Teru Nakashima, All about Self-esteem
OK, wow, these articles you sent over about anger management from President Online by this Japanese psychologist are really fascinating. Like this whole idea of passive aggressive anger really got my attention. It's not like you know the typical shouting and arguing, but, as this author pointed out, it can be just as damaging, if not more so.
Speaker 3:Oh yeah.
Speaker 1:To relationships. Have you ever? I mean?
Speaker 3:Oh, for sure.
Speaker 1:I'm sure you've encountered this kind of anger right.
Speaker 3:Definitely. I mean, it's probably way more common and we realize it's like this, you know, kind of sneaky, like sabotage, that just kind of festers under the surface. You know the author actually connects it to our human need for attention. Oh, interesting you know, sometimes, when we don't get that positive attention we crave, we might like unconsciously seek out negative attention.
Speaker 1:Right.
Speaker 3:Even if it ends up hurting us in the long run.
Speaker 1:It's like, hey, pay attention to me, even if it's for all the wrong reasons.
Speaker 3:Exactly.
Speaker 1:That's such an interesting psychological insight.
Speaker 3:It is. Yeah, I think what's really intriguing is the author's suggestion to keep an anger diary.
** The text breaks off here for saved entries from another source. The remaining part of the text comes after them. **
(* Let $\epsilon_{\mathrm i},\epsilon_{\mathrm e},S_{\mathrm i},l_{\mathrm C}>0$; set $S=S_{\mathrm i},\epsilon=\epsilon_{\mathrm i}$ on $\xi<0$ and $S=1,\epsilon=\epsilon_{\mathrm e}$ on $\xi>0$. Suppose $\phi_-,\phi_+\in\mathbb R$ and $\tilde\phi:\mathbb R\to\mathbb R$ is continuous, $C^2$ on $(-\infty,0)$ and $(0,\infty)$ with one-sided derivatives at $0$, and satisfies $$\epsilon\,\tilde\phi''=2\sqrt S\,\sinh(\tilde\phi-\phi_\pm)\ \text{ on } \{\pm\xi>0\},\qquad \lim_{\xi\to\pm\infty}\tilde\phi(\xi)=\phi_\pm,\qquad \epsilon_{\mathrm i}\tilde\phi'(0^-)=\epsilon_{\mathrm e}\tilde\phi'(0^+),$$ and, with $\tilde q=-2\sqrt S\sinh(\tilde\phi-\phi_\pm)$ on $\{\pm\xi>0\}$, $$l_{\mathrm C}\Big(\tilde q+\sqrt{4+\tilde q^2}\Big)\Big|_{\xi=0^+}=\Big(\tilde q+\sqrt{4S_{\mathrm i}+\tilde q^2}\Big)\Big|_{\xi=0^-}.$$ Then $\phi^\Delta:=\phi_--\phi_+=\ln(l_{\mathrm C}/\sqrt{S_{\mathrm i}})$, and $$\tilde\phi(\xi)=\phi_\pm+2\ln\frac{1+A_\pm e^{\mp\lambda_\pm\xi}}{1-A_\pm e^{\mp\lambda_\pm\xi}}\quad(\pm\xi>0),$$ with $\lambda_+=\sqrt2\,\epsilon_{\mathrm e}^{-1/2}$, $\lambda_-=\sqrt2\,\epsilon_{\mathrm i}^{-1/2}S_{\mathrm i}^{1/4}$, $\rho=\sqrt{l_{\mathrm C}/\sqrt{S_{\mathrm i}}}$, $\zeta=\sqrt{\epsilon_{\mathrm e}/(\epsilon_{\mathrm i}\sqrt{S_{\mathrm i}})}$ and $$A_+=\frac{\sqrt{\rho(\rho+\zeta)}-\sqrt{1+\rho\zeta}}{\sqrt{\rho(\rho+\zeta)}+\sqrt{1+\rho\zeta}},\qquad A_-=\frac{\sqrt{\rho+\zeta}-\sqrt{\rho(1+\rho\zeta)}}{\sqrt{\rho+\zeta}+\sqrt{\rho(1+\rho\zeta)}}.$$ Furthermore, with $\phi^\Delta_{\mathrm i}=\tilde\phi(-\infty)-\tilde\phi(0)=-2\ln\frac{1+A_-}{1-A_-}$ and $\phi^\Delta_{\mathrm e}=\tilde\phi(0)-\tilde\phi(\infty)=2\ln\frac{1+A_+}{1-A_+}$: $\phi^\Delta_{\mathrm i}+\phi^\Delta_{\mathrm e}=\phi^\Delta$; $\phi^\Delta_{\mathrm i}$ and $\phi^\Delta_{\mathrm e}$ have the same sign; $\phi^\Delta_{\mathrm i}=\frac{\zeta}{1+\zeta}\phi^\Delta+O((\phi^\Delta)^2)$ and $\phi^\Delta_{\mathrm e}=\frac{1}{1+\zeta}\phi^\Delta+O((\phi^\Delta)^2)$; $$\int_{-\infty}^0\tilde q\,d\xi=-\int_0^\infty\tilde q\,d\xi=\big((\epsilon_{\mathrm i}\lambda_-)^{-1}+(\epsilon_{\mathrm e}\lambda_+)^{-1}\big)^{-1}\phi^\Delta+O((\phi^\Delta)^2);$$ and $$\int_{-\infty}^{\infty}\epsilon\,(\tilde\phi')^2\,d\xi=\frac{8\lambda_+\epsilon_{\mathrm e}A_+^2}{1-A_+^2}+\frac{8\lambda_-\epsilon_{\mathrm i}A_-^2}{1-A_-^2}.$$
   Context: This describes the leading-order electric double layer at a liquid–liquid interface ($\xi<0$ interior, $\xi>0$ exterior) in the weak-electrolyte limit. Since $S_{\mathrm i}=l_{\mathrm C}l_{\mathrm A}$, one has $\phi^\Delta=\frac12\ln(l_{\mathrm C}/l_{\mathrm A})$ (the Galvani potential), where $l_{\mathrm C},l_{\mathrm A}$ are the cation and anion partition coefficients. *)

From Stdlib Require Import Reals Lra.
Open Scope R_scope.

Definition lim_pinf (f : R -> R) (l : R) : Prop :=
  forall eps, 0 < eps -> exists M, forall x, M < x -> Rabs (f x - l) < eps.
Definition lim_minf (f : R -> R) (l : R) : Prop :=
  forall eps, 0 < eps -> exists M, forall x, x < M -> Rabs (f x - l) < eps.

Definition rderiv (f : R -> R) (x l : R) : Prop :=
  forall eps, 0 < eps -> exists del, 0 < del /\
    forall h, 0 < h < del -> Rabs ((f (x + h) - f x) / h - l) < eps.
Definition lderiv (f : R -> R) (x l : R) : Prop :=
  forall eps, 0 < eps -> exists del, 0 < del /\
    forall h, - del < h < 0 -> Rabs ((f (x + h) - f x) / h - l) < eps.

Definition is_RInt (f : R -> R) (a b I : R) : Prop :=
  exists pr : Riemann_integrable f a b, RiemannInt pr = I.

Definition improper_minf_0 (f : R -> R) (L : R) : Prop :=
  exists F : R -> R, (forall a, a < 0 -> is_RInt f a 0 (F a)) /\ lim_minf F L.
Definition improper_0_pinf (f : R -> R) (L : R) : Prop :=
  exists F : R -> R, (forall b, 0 < b -> is_RInt f 0 b (F b)) /\ lim_pinf F L.

(* piecewise data: interior xi<0, exterior xi>0 (value at 0 taken from the + side;
   irrelevant for everything below) *)
Definition Sfun (S_i x : R) : R := if Rlt_dec x 0 then S_i else 1.
Definition epsfun (eps_i eps_e x : R) : R := if Rlt_dec x 0 then eps_i else eps_e.
Definition phipm (phim phip x : R) : R := if Rlt_dec x 0 then phim else phip.

Definition qt (S_i phim phip : R) (phit : R -> R) (x : R) : R :=
  - 2 * sqrt (Sfun S_i x) * sinh (phit x - phipm phim phip x).

Definition IsSolution (eps_i eps_e S_i l_C phim phip : R)
    (phit d1 d2 : R -> R) : Prop :=
  (forall x, continuity_pt phit x) /\
  (forall x, x <> 0 ->
     derivable_pt_lim phit x (d1 x) /\ derivable_pt_lim d1 x (d2 x) /\
     continuity_pt d2 x) /\
  (forall x, x <> 0 ->
     epsfun eps_i eps_e x * d2 x
       = 2 * sqrt (Sfun S_i x) * sinh (phit x - phipm phim phip x)) /\
  lim_minf phit phim /\ lim_pinf phit phip /\
  (exists Dm Dp, lderiv phit 0 Dm /\ rderiv phit 0 Dp /\ eps_i * Dm = eps_e * Dp) /\
  (let qp := - 2 * sinh (phit 0 - phip) in
   let qm := - 2 * sqrt S_i * sinh (phit 0 - phim) in
   l_C * (qp + sqrt (4 + qp ^ 2)) = qm + sqrt (4 * S_i + qm ^ 2)).

Definition lam_p (eps_e : R) : R := sqrt 2 / sqrt eps_e.
Definition lam_m (eps_i S_i : R) : R := sqrt 2 / sqrt eps_i * sqrt (sqrt S_i).
Definition rho (S_i l_C : R) : R := sqrt (l_C / sqrt S_i).
Definition zeta (eps_i eps_e S_i : R) : R := sqrt (eps_e / (eps_i * sqrt S_i)).
Definition A_p (r z : R) : R :=
  (sqrt (r * (r + z)) - sqrt (1 + r * z)) / (sqrt (r * (r + z)) + sqrt (1 + r * z)).
Definition A_m (r z : R) : R :=
  (sqrt (r + z) - sqrt (r * (1 + r * z))) / (sqrt (r + z) + sqrt (r * (1 + r * z))).

(* On each half-line the shifted potential f = phi - phi_+- satisfies f'' = k^2 sinh f with
   f -> 0 at infinity.  The first integral f'^2 = k^2 (2 cosh f - 2) shows that w = tanh (f/4)
   solves the linear equation w'' = k^2 w; boundedness kills the growing mode, so
   w = w(0) e^{-k|x|}, which is the stated profile with A_+- = tanh (f(0+-)/4).
   With a = phi(0) - phi_+ and b = phi(0) - phi_-, the flux condition becomes
   sinh (b/2) = - zeta sinh (a/2) and the partition condition becomes l_C e^b = sqrt S_i e^a;
   these determine e^{a/2} and e^{b/2}, hence the Galvani potential and A_+-.  The relation
   between sinh (b/2) and sinh (a/2) forces the two drops to share a sign and to split in the
   ratio zeta : 1 to first order.  The charge and energy integrals have explicit primitives
   in terms of w. *)

From Pilot Require Import Defs.
From Stdlib Require Import Reals Lra.
From Coquelicot Require Import Coquelicot.
Open Scope R_scope.

(** * Elementary analysis on half-lines *)

Lemma derivable_zero_const_pos (F F' : R -> R) :
  (forall x, 0 < x -> derivable_pt_lim F x (F' x)) ->
  (forall x, 0 < x -> F' x = 0) -> forall x y, 0 < x -> 0 < y -> F x = F y.
Proof.
  intros HF HF0.
  assert (Hlt : forall x y, 0 < x -> x < y -> F x = F y).
  { intros x y Hx Hxy.
    destruct (MVT_cor2 F F' x y Hxy) as [c [Hc Hbetween]]; [intros c Hc; apply HF; lra|].
    rewrite HF0 in Hc by lra. lra. }
  intros x y Hx Hy.
  destruct (Rtotal_order x y) as [H|[->|H]]; [auto|auto|].
  symmetry; auto.
Qed.

Lemma exists_pos_gt M : exists x, M < x /\ 0 < x.
Proof.
  exists (Rmax M 0 + 1). assert (H1 := Rmax_l M 0). assert (H2 := Rmax_r M 0). lra.
Qed.


Lemma lim_pinf_continuous_comp (f phi : R -> R) l :
  lim_pinf f l -> continuity_pt phi l -> lim_pinf (fun x => phi (f x)) (phi l).
Proof.
  intros Hf Hc eps Heps.
  destruct (Hc eps Heps) as [alp [Halp H]].
  destruct (Hf alp Halp) as [M HM].
  exists M; intros x Hx.
  destruct (Req_dec (f x) l) as [->|E].
  - rewrite Rminus_diag, Rabs_R0; exact Heps.
  - apply (H (f x)); split; [split; [exact I|auto]|apply HM; auto].
Qed.

Lemma lim_minf_of_opp (f : R -> R) l :
  lim_pinf (fun x => f (- x)) l -> lim_minf f l.
Proof.
  intros Hf eps Heps. destruct (Hf eps Heps) as [M HM].
  exists (- M); intros x Hx.
  replace x with (- - x) by ring. apply HM; lra.
Qed.

Lemma lim_pinf_exp_decay A m : m < 0 -> lim_pinf (fun x => A * exp (m * x)) 0.
Proof.
  intros Hm eps Heps.
  assert (HA := Rabs_pos A).
  set (c := eps / (Rabs A + 1)).
  assert (Hc : 0 < c) by (apply Rdiv_lt_0_compat; lra).
  exists (ln c / m); intros x Hx.
  rewrite Rminus_0_r, Rabs_mult, (Rabs_right (exp _)) by (left; apply exp_pos).
  assert (Hmx : m * x < ln c).
  { apply Rmult_lt_compat_l with (r := - m) in Hx; [|lra].
    replace (- m * (ln c / m)) with (- ln c) in Hx by (field; lra). lra. }
  apply exp_increasing in Hmx. rewrite exp_ln in Hmx by exact Hc.
  assert (Hce : c * (Rabs A + 1) = eps) by (unfold c; field; lra).
  assert (He := exp_pos (m * x)). nra.
Qed.

Lemma continuity_pt_zero_at_0 (F : R -> R) :
  continuity_pt F 0 -> (forall x, 0 < x -> F x = 0) -> F 0 = 0.
Proof.
  intros Hc HF. destruct (Req_dec (F 0) 0) as [|Hn]; [assumption|exfalso].
  assert (Hp : 0 < Rabs (F 0)) by (apply Rabs_pos_lt; exact Hn).
  destruct (Hc _ Hp) as [alp [Halp Hx]].
  specialize (Hx (alp / 2)). simpl in Hx. unfold R_dist in Hx.
  rewrite HF, Rminus_0_l, Rabs_Ropp, Rminus_0_r, Rabs_right in Hx by lra.
  enough (Rabs (F 0) < Rabs (F 0)) by lra.
  apply Hx; split; [split; [exact I|lra]|lra].
Qed.

Lemma rderiv_unique (f Phi : R -> R) D l :
  rderiv f 0 D -> (forall x, 0 <= x -> f x = Phi x) ->
  derivable_pt_lim Phi 0 l -> D = l.
Proof.
  intros Hr He Hd.
  apply Rminus_diag_uniq, Rabs_eq_0, Rle_antisym; [|apply Rabs_pos].
  apply Rnot_lt_le; intro Hp.
  set (e := Rabs (D - l) / 2).
  assert (He0 : 0 < e) by (unfold e; lra).
  destruct (Hr e He0) as [d1 [Hd1 H1]].
  destruct (Hd e He0) as [d2 H2].
  assert (Hd2 := cond_pos d2).
  set (h := Rmin d1 d2 / 2).
  assert (Hm1 := Rmin_l d1 d2). assert (Hm2 := Rmin_r d1 d2).
  assert (Hm : 0 < Rmin d1 d2) by (apply Rmin_pos; lra).
  specialize (H1 h ltac:(unfold h; lra)).
  specialize (H2 h ltac:(unfold h; lra) ltac:(rewrite Rabs_right; unfold h; lra)).
  rewrite !He in H1 by (unfold h; lra).
  set (q := (Phi (0 + h) - Phi 0) / h) in *.
  assert (Rabs (D - l) <= Rabs (q - D) + Rabs (q - l)); [|unfold e in *; lra].
  replace (D - l) with (- (q - D) + (q - l)) by ring.
  rewrite <- (Rabs_Ropp (q - D)). apply Rabs_triang.
Qed.

Lemma is_RInt_Riemann f a b I : RInt.is_RInt f a b I -> Defs.is_RInt f a b I.
Proof.
  intro H. exists (ex_RInt_Reals_0 f a b (ex_intro _ I H)).
  rewrite <- RInt_Reals. apply is_RInt_unique, H.
Qed.

Lemma Derive_eta (f : R -> R) x l :
  derivable_pt_lim f x l -> Derive (fun y => f y) x = l.
Proof. intro H. apply is_derive_unique, is_derive_Reals, H. Qed.
Lemma quasi_copula_envelope (K : (R -> R -> R) -> Prop) (E : R -> R -> R) :
  (forall C, K C -> quasi_copula C) ->
  (forall u v s t, in01 u -> in01 v ->
     (forall C, K C -> s <= C u v <= t) -> s <= E u v <= t) ->
  (forall u1 v1 u2 v2 e, in01 u1 -> in01 v1 -> in01 u2 -> in01 v2 ->
     (forall C, K C -> C u1 v1 <= C u2 v2 + e) -> E u1 v1 <= E u2 v2 + e) ->
  quasi_copula E.
Proof.
  intros HK Hbounds Hshift.
  assert (Hconst : forall u v t, in01 u -> in01 v ->
            (forall C, K C -> C u v = t) -> E u v = t).
  { intros u v t hu hv Ht. enough (t <= E u v <= t) by lra.
    apply Hbounds; auto. intros C hC. rewrite (Ht C hC). lra. }
  assert (I0 : in01 0) by (unfold in01; lra).
  assert (I1 : in01 1) by (unfold in01; lra).
  split; [|split; [|split; [|split; [|split; [|split; [|split]]]]]].
  - intros u v hu hv. apply Hbounds; auto. intros C hC.
    destruct (HK C hC) as [Hr _]. exact (Hr u v hu hv).
  - intros u hu. apply Hconst; auto. intros C hC.
    destruct (HK C hC) as (_ & H0 & _). auto.
  - intros v hv. apply Hconst; auto. intros C hC.
    destruct (HK C hC) as (_ & _ & H0 & _). auto.
  - intros u hu. apply Hconst; auto. intros C hC.
    destruct (HK C hC) as (_ & _ & _ & H1 & _). auto.
  - intros v hv. apply Hconst; auto. intros C hC.
    destruct (HK C hC) as (_ & _ & _ & _ & H1 & _). auto.
  - intros u1 u2 v h1 h2 hv Hle. rewrite <- (Rplus_0_r (E u2 v)).
    apply Hshift; auto. intros C hC. rewrite Rplus_0_r.
    destruct (HK C hC) as (_ & _ & _ & _ & _ & Hmono & _). auto.
  - intros u v1 v2 hu h1 h2 Hle. rewrite <- (Rplus_0_r (E u v2)).
    apply Hshift; auto. intros C hC. rewrite Rplus_0_r.
    destruct (HK C hC) as (_ & _ & _ & _ & _ & _ & Hmono & _). auto.
  - intros u1 u2 v1 v2 h1 h2 k1 k2.
    set (d := Rabs (u1 - u2) + Rabs (v1 - v2)).
    assert (Hd : forall C, K C -> - d <= C u1 v1 - C u2 v2 <= d).
    { intros C hC. apply Rabs_le_between.
      destruct (HK C hC) as (_ & _ & _ & _ & _ & _ & _ & Hlip). auto. }
    assert (E u1 v1 <= E u2 v2 + d).
    { apply Hshift; auto. intros C hC. specialize (Hd C hC). lra. }
    assert (E u2 v2 <= E u1 v1 + d).
    { apply Hshift; auto. intros C hC. specialize (Hd C hC). lra. }
    apply Rabs_le_between. lra.
Qed.

Definition values (K : (R -> R -> R) -> Prop) (u v t : R) : Prop :=
  exists C, K C /\ t = C u v.

Definition lower_envelope (K : (R -> R -> R) -> Prop) (u v : R) : R := inf (values K u v).
Definition upper_envelope (K : (R -> R -> R) -> Prop) (u v : R) : R := sup (values K u v).

Section Envelopes.

Variable K : (R -> R -> R) -> Prop.
Hypothesis K_nonempty : exists C, K C.
Hypothesis K_copula : forall C, K C -> copula C.

Lemma values_in01 u v t : in01 u -> in01 v -> values K u v t -> in01 t.
Proof.
  intros hu hv [C [hC ->]]. destruct (K_copula C hC) as [[Hr _] _]. auto.
Qed.

Lemma lower_envelope_spec u v :
  in01 u -> in01 v -> is_glb (values K u v) (lower_envelope K u v).
Proof.
  intros hu hv. destruct K_nonempty as [C0 h0]. apply inf_spec.
  - exists (C0 u v), C0. auto.
  - exists 0. intros t Ht. apply (values_in01 u v t hu hv Ht).
Qed.

Lemma upper_envelope_spec u v :
  in01 u -> in01 v -> is_lub (values K u v) (upper_envelope K u v).
Proof.
  intros hu hv. destruct K_nonempty as [C0 h0]. apply sup_spec.
  - exists (C0 u v), C0. auto.
  - exists 1. intros t Ht. apply (values_in01 u v t hu hv Ht).
Qed.
Lemma fan_coords_le_cDelta u k :
  enorm u = 1 -> fan_coords v Delta u 0 k <= cDelta v Delta.
Proof.
move=> u1; apply: sup_upper_bound; last by exists u, k.
split; first by exists (fan_coords v Delta u 0 k), u, k.
have [C C0 coefC] := simplicial_coef_bound simpD.
exists C => _ [w [i [w1 ->]]].
have [S SD [_ lam0 wlam]] := fan_coordsP w.
have [iS|iS] := boolP (i \in S); last by rewrite lam0.
apply: le_trans (ler_norm _) _; rewrite -[C]mulr1 -w1 [in enorm w]wlam.
exact: (coefC S SD (fun j => fan_coords v Delta w 0 j)).
Qed.

Lemma cDelta_ge0 u : enorm u = 1 -> 0 <= cDelta v Delta.
Proof.
move=> u1; have [S _ [_ _ ulam]] := fan_coordsP u.
have [k kS] : exists k, k \in S.
  apply: contrapT => /forallNP noS; move: u1.
  rewrite ulam big_pred0 => [|i]; last exact/negP/noS.
  by rewrite enorm0 => /eqP; rewrite eq_sym oner_eq0.
exact: le_trans (fan_coords_ge0 u k) (fan_coords_le_cDelta k u1).
Qed.

Lemma enorm_fan_coords_le u : enorm u = 1 ->
  enorm (fan_coords v Delta u) <= Num.sqrt d%:R * cDelta v Delta.
Proof.
move=> u1; have c0 := cDelta_ge0 u1.
have [S SD [_ lam0 _]] := fan_coordsP u; set lam := fan_coords v Delta u in lam0 *.
rewrite -(ger0_norm c0) -sqrtr_sqr -sqrtrM ?ler0n // ler_sqrt ?mulr_ge0 ?sqr_ge0 //.
rewrite (dotv_supp _ lam0); apply: le_trans (_ : \sum_(j in S) cDelta v Delta ^+ 2 <= _).
  apply: ler_sum => j _; rewrite expr2.
  by apply: ler_pM; rewrite ?fan_coords_ge0 ?fan_coords_le_cDelta.
rewrite sumr_const -[_ *+ #|S|]mulr_natl; apply: ler_wpM2r; first exact: sqr_ge0.
by rewrite ler_nat (free_on_card (simpD SD)).
Qed.

Lemma sqrt_dim_cDelta_ge0 : 0 <= Num.sqrt d%:R * cDelta v Delta.
Proof.
have [d0|d_gt0] := posnP d.
  by rewrite (_ : Num.sqrt d%:R = 0) ?mul0r // d0 sqrtr0.
by rewrite mulr_ge0 ?sqrtr_ge0 // (cDelta_ge0 (enorm_delta R (Ordinal d_gt0))).
Qed.

Lemma Ph_support_gap P' (h h' : 'rV[R]_n) x u :
  is_polytope P' -> coarsened_by v Delta P' ->
  (forall i, h' 0 i = support_fun P' (v i)) -> Ph v h x -> enorm u = 1 ->
  exists2 z, P' z & dotv u (x - z) <= Num.sqrt d%:R * cDelta v Delta * enorm (h - h').
Proof.
move=> polyP' [coarseP' _] h'P' hx u1.
have [S SD [_ lam0 ulam]] := fan_coordsP u; set lam := fan_coords v Delta u in lam0 ulam.
have [z P'z Snormal] := coarseP' S SD; exists z => //.
have h'z k : k \in S -> h' 0 k = dotv z (v k).
  move=> kS; rewrite h'P' (support_fun_attained polyP' P'z) //.
  exact: Snormal (gcone_gen v kS).
apply: le_trans (_ : dotv lam (h - h') <= _); last first.
  apply: le_trans (cauchy_schwarz _ _) _; apply: ler_wpM2r; first exact: enorm_ge0.
  exact: enorm_fan_coords_le.
rewrite (dotv_supp _ lam0) ulam dotv_suml; apply: ler_sum => k kS.
rewrite !mxE h'z // dotvBr dotvC (dotvC (v k)).
apply: ler_wpM2l; first exact: fan_coords_ge0.
by rewrite lerD2r; exact: hx.
Qed.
And again, it's not about like dwelling on the negative, it's more about just like noticing our patterns of behavior.
Speaker 1:Okay, so how does this anger diary work? Is it just like venting on a paper?
Speaker 3:No, it's a little more structured than that. You start with a date, okay, of course. Then you, you know, write down, like the event, what actually triggered your anger. But then it gets interesting because then you go into your interpretation of that situation.
Speaker 2:Oh, okay.
Speaker 3:Like, what were the thoughts that were going through your head? Was there like a belief or an assumption that you had that fueled that anger? And then, finally, you reflect on your actions.
Speaker 1:Right.
Speaker 3:How did you actually react? How did you respond?
Speaker 1:So it's like holding up a mirror to your anger. Yes, you're seeing the trigger, the interpretation and then the consequence, all laid out in front of you.
Speaker 3:Exactly, and by documenting these patterns you start to gain a much clearer understanding of okay, what are my anger triggers and how do I typically respond.
Speaker 2:Yeah.
Speaker 3:And then from there you can actually start to explore healthier ways of managing those situations.
Speaker 1:So it's less about avoiding anger altogether and more about understanding how to work with it.
Speaker 2:Totally.
Speaker 1:In a more constructive way.
Speaker 3:Yeah, precisely, it's about recognizing that anger is a natural human emotion.
Speaker 2:Right.
Speaker 3:You know, it's what we do with that energy that determines whether it's destructive or transformative.
Speaker 1:Absolutely. There's another point in these articles that really stuck with me, and it was this idea that holding on to resentment is like giving someone free rent in your head.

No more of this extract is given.